(Stored data)
(* For every $d$-dimensional state $\rho$, every $\epsilon>0$ and every real-valued function $f$ on the set of probability distributions on $[d]$, \[ \min_{q\in V_\epsilon(\delta_\rho)}f(q)\le\min_{\sigma\in V_\epsilon(\rho)}f(\delta_\sigma)\le\min_{q\in V_{\epsilon^2/4}(\delta_\rho)}f(q). \]
   Context: Fixed computational basis; $\Pi_I=\sum_{i\in I}|i\rangle\langle i|$. For a state $\omega$, $\delta_\omega\in\mathbb R^d$ is its diagonal, $(\delta_\omega)_j=\omega_{jj}$. Quantum set: $V_\epsilon(\rho)=\{\Pi_I\rho\Pi_I/\mathrm{Tr}[\rho\Pi_I]:\ I\subseteq[d]\}\cap\{\sigma:\|\sigma-\rho\|_1\le\epsilon\}$ (only $I$ with $\mathrm{Tr}[\rho\Pi_I]>0$). Classical set for a probability vector $p\in\mathbb R^d$: $V_\epsilon(p)=\{\Pi_Ip/\sum_{i\in I}p_i:\ I\subseteq[d]\}\cap\{q:|q-p|_1\le\epsilon\}$ (only $I$ with $\sum_{i\in I}p_i>0$), $|\cdot|_1$ the $\ell_1$ norm and $\Pi_Ip$ the vector keeping the entries of $p$ indexed by $I$ and zeroing the others. *)

From HB Require Import structures.
From mathcomp Require Import all_boot all_order all_algebra.
From mathcomp.real_closed Require Import complex.
Set Implicit Arguments. Unset Strict Implicit. Unset Printing Implicit Defensive.
Import Order.TTheory GRing.Theory Num.Theory.
Local Open Scope ring_scope.

Section Defs.
Variable R : rcfType.
Local Notation C := R[i].

Definition adjmx m n (A : 'M[C]_(m, n)) : 'M[C]_(n, m) := (map_mx Num.conj A)^T.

# [INSTRUCTIONS TO FOLLOW]
Look through the data and show every line containing "epsilon".

# [SOLUTION BELOW]
(* For every $d$-dimensional state $\rho$, every $\epsilon>0$ and every real-valued function $f$ on the set of probability distributions on $[d]$, \[ \min_{q\in V_\epsilon(\delta_\rho)}f(q)\le\min_{\sigma\in V_\epsilon(\rho)}f(\delta_\sigma)\le\min_{q\in V_{\epsilon^2/4}(\delta_\rho)}f(q). \]
   Context: Fixed computational basis; $\Pi_I=\sum_{i\in I}|i\rangle\langle i|$. For a state $\omega$, $\delta_\omega\in\mathbb R^d$ is its diagonal, $(\delta_\omega)_j=\omega_{jj}$. Quantum set: $V_\epsilon(\rho)=\{\Pi_I\rho\Pi_I/\mathrm{Tr}[\rho\Pi_I]:\ I\subseteq[d]\}\cap\{\sigma:\|\sigma-\rho\|_1\le\epsilon\}$ (only $I$ with $\mathrm{Tr}[\rho\Pi_I]>0$). Classical set for a probability vector $p\in\mathbb R^d$: $V_\epsilon(p)=\{\Pi_Ip/\sum_{i\in I}p_i:\ I\subseteq[d]\}\cap\{q:|q-p|_1\le\epsilon\}$ (only $I$ with $\sum_{i\in I}p_i>0$), $|\cdot|_1$ the $\ell_1$ norm and $\Pi_Ip$ the vector keeping the entries of $p$ indexed by $I$ and zeroing the others. *)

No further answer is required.